*DIRECTIONS*
For the listing that follows, give again exactly the lines from the one with "its last edge" to the one with "f |-> sum_(x", including both.

*RECORD SET*

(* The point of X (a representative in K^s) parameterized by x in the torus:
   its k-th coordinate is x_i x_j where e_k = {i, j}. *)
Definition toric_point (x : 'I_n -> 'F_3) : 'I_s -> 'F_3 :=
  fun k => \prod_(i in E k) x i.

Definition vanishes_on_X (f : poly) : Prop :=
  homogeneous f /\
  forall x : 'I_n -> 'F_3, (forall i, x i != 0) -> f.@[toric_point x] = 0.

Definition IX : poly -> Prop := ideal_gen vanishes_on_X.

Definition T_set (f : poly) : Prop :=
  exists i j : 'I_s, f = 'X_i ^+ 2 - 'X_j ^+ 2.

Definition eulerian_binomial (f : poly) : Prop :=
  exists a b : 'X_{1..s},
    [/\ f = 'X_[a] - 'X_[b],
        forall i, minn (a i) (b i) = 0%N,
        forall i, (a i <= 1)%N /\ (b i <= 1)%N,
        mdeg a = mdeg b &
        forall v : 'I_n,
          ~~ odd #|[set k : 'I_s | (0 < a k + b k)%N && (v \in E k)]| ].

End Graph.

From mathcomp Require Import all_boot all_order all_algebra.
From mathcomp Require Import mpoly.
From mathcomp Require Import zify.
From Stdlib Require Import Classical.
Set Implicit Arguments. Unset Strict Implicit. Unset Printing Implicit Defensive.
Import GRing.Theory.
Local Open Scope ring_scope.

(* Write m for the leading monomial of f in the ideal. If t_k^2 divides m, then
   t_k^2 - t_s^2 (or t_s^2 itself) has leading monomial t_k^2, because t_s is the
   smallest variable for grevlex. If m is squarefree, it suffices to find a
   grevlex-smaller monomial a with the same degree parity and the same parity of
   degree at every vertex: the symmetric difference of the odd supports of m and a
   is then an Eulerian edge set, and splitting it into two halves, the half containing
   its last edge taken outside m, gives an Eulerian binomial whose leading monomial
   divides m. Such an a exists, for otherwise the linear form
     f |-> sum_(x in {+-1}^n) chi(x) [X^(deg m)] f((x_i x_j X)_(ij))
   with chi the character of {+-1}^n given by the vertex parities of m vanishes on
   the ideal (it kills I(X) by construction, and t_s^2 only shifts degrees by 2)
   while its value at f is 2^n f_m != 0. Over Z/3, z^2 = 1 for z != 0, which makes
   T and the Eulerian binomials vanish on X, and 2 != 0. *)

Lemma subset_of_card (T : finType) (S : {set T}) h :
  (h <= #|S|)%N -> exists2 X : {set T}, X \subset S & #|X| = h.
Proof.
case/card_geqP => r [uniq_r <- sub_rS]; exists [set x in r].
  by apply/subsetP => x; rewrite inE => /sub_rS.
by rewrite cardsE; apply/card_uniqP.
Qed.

* * *

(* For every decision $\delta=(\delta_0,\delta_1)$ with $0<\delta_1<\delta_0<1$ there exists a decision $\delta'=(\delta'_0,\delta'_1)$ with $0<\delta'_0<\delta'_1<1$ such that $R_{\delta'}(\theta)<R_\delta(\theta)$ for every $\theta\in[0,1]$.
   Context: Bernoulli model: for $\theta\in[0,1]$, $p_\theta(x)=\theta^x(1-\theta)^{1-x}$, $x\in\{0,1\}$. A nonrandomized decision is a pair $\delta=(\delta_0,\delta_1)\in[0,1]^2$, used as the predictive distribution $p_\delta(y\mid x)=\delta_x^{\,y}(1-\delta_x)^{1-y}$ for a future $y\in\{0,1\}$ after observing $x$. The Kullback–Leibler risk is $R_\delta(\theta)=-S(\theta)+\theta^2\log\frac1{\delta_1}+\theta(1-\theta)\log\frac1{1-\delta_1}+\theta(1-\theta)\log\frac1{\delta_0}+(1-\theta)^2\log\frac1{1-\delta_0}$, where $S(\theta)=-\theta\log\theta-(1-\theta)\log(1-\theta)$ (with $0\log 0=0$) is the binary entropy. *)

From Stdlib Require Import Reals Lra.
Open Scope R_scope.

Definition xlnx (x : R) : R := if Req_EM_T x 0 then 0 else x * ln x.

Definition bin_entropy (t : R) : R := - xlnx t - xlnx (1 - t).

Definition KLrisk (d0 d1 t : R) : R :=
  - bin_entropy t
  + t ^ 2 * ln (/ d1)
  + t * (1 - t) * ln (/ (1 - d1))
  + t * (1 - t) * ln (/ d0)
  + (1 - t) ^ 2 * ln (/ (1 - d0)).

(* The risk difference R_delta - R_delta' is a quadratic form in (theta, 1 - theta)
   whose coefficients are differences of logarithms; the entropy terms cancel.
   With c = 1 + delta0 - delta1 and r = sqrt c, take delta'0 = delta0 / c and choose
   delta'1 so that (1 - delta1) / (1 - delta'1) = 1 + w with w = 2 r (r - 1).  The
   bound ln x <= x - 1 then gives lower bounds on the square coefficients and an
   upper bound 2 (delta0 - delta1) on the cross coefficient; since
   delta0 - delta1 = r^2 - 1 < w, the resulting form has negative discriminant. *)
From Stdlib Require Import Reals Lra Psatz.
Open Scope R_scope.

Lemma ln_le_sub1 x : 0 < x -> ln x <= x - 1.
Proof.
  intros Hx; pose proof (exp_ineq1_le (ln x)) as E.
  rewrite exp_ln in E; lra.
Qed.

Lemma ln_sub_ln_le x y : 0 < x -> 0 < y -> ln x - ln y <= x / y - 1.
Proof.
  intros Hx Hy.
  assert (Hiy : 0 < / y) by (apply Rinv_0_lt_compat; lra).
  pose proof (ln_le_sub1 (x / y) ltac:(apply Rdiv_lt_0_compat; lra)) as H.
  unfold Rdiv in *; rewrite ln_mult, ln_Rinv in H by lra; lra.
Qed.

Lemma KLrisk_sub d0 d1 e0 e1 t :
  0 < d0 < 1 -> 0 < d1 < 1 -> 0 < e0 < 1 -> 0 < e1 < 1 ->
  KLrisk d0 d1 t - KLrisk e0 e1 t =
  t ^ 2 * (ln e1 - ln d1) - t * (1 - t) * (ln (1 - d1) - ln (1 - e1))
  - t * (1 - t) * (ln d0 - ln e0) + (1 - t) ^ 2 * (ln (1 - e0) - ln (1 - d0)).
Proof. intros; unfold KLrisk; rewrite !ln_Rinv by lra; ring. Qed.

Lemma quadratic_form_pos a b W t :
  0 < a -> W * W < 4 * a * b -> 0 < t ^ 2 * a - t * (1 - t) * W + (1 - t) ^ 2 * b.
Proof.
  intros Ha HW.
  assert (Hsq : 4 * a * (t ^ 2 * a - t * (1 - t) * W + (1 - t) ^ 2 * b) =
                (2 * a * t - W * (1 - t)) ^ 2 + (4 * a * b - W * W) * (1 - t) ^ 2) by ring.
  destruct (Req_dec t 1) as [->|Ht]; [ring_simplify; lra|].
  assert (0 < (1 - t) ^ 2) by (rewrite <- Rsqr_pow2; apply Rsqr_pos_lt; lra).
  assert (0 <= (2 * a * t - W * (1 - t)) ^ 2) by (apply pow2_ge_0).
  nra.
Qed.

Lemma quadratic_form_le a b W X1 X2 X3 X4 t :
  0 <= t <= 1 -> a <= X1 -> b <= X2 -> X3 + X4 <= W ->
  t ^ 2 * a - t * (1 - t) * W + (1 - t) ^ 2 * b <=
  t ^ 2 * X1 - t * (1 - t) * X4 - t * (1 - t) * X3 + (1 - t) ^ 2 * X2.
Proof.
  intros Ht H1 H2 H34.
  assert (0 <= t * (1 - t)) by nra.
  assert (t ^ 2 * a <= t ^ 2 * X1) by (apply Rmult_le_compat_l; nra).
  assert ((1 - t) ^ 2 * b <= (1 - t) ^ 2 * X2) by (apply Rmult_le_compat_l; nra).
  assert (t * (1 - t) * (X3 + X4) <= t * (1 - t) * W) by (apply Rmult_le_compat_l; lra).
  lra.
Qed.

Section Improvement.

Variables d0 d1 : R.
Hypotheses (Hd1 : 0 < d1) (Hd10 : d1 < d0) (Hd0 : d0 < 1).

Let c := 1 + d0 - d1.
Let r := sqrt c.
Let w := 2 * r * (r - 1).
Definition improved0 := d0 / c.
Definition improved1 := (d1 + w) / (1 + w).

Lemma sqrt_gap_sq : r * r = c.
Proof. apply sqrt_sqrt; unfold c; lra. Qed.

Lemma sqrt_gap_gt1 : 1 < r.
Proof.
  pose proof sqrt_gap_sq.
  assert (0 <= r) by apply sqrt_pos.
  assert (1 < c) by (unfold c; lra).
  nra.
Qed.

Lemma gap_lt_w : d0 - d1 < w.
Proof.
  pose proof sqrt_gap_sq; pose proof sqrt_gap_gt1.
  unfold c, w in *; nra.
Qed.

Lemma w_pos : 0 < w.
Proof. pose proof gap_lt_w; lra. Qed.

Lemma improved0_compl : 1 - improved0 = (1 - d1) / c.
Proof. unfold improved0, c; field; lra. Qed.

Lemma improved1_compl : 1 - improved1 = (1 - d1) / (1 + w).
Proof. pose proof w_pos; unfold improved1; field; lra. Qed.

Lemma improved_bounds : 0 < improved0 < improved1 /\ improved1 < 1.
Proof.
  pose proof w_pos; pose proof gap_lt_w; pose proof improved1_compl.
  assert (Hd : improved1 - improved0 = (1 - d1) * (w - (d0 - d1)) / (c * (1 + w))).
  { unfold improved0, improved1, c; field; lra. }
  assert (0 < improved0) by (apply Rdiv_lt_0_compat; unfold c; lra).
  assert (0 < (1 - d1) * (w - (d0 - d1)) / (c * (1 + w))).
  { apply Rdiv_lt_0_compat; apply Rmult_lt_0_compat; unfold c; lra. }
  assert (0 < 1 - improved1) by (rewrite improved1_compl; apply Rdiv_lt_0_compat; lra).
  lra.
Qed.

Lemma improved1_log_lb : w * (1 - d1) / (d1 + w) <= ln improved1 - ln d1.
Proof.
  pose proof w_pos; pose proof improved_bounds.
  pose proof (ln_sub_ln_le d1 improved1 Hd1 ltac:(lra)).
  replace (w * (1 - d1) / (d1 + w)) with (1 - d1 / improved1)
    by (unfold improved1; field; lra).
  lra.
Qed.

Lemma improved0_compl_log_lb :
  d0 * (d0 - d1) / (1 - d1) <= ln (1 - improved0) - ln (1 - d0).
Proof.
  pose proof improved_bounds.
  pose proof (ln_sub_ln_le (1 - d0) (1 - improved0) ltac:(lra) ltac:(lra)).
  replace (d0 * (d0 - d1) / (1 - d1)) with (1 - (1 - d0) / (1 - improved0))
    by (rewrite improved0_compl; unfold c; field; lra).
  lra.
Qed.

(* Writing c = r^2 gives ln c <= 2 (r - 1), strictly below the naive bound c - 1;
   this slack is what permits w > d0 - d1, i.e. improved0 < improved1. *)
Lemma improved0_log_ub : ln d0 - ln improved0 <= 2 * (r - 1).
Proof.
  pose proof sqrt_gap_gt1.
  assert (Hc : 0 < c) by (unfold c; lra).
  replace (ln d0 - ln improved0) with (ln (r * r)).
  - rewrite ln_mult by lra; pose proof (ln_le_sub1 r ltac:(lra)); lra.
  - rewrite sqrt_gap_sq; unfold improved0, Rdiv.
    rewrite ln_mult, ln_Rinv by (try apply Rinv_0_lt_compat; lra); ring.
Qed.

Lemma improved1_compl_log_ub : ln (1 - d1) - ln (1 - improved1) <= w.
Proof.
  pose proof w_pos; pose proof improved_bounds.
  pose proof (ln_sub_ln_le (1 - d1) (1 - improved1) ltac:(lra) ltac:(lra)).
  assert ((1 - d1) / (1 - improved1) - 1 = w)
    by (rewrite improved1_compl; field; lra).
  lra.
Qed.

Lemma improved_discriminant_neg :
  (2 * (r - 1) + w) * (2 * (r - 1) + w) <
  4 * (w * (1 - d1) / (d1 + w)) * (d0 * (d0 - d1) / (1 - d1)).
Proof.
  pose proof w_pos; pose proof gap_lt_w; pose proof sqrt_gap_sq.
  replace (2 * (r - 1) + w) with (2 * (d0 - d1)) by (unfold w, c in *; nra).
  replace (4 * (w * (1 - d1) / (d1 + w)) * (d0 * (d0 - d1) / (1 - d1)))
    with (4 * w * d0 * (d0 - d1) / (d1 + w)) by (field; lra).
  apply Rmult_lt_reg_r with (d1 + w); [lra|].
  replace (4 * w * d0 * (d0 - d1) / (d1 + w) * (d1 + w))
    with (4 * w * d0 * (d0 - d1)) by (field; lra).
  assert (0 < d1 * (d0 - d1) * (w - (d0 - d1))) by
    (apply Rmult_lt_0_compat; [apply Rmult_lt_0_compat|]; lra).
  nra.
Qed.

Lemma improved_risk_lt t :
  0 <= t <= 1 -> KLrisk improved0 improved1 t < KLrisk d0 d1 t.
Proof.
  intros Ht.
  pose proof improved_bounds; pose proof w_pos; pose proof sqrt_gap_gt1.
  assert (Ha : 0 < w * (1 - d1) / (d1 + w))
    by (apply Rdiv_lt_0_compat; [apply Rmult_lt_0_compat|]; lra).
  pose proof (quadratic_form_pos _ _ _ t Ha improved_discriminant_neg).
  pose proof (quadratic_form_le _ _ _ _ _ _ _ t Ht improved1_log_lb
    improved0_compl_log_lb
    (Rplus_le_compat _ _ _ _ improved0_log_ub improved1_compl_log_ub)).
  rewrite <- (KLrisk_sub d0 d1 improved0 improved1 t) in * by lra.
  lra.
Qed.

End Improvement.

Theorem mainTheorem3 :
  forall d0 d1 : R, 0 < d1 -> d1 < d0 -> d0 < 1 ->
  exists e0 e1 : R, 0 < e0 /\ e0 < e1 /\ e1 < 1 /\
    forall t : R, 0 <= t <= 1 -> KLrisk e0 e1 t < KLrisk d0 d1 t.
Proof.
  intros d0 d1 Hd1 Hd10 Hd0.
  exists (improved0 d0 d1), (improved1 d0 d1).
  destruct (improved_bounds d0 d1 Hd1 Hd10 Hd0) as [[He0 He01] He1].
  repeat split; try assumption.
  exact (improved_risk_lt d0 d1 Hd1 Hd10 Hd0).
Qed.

*YOUR RESPONSE*
   its last edge taken outside m, gives an Eulerian binomial whose leading monomial
   divides m. Such an a exists, for otherwise the linear form
     f |-> sum_(x in {+-1}^n) chi(x) [X^(deg m)] f((x_i x_j X)_(ij))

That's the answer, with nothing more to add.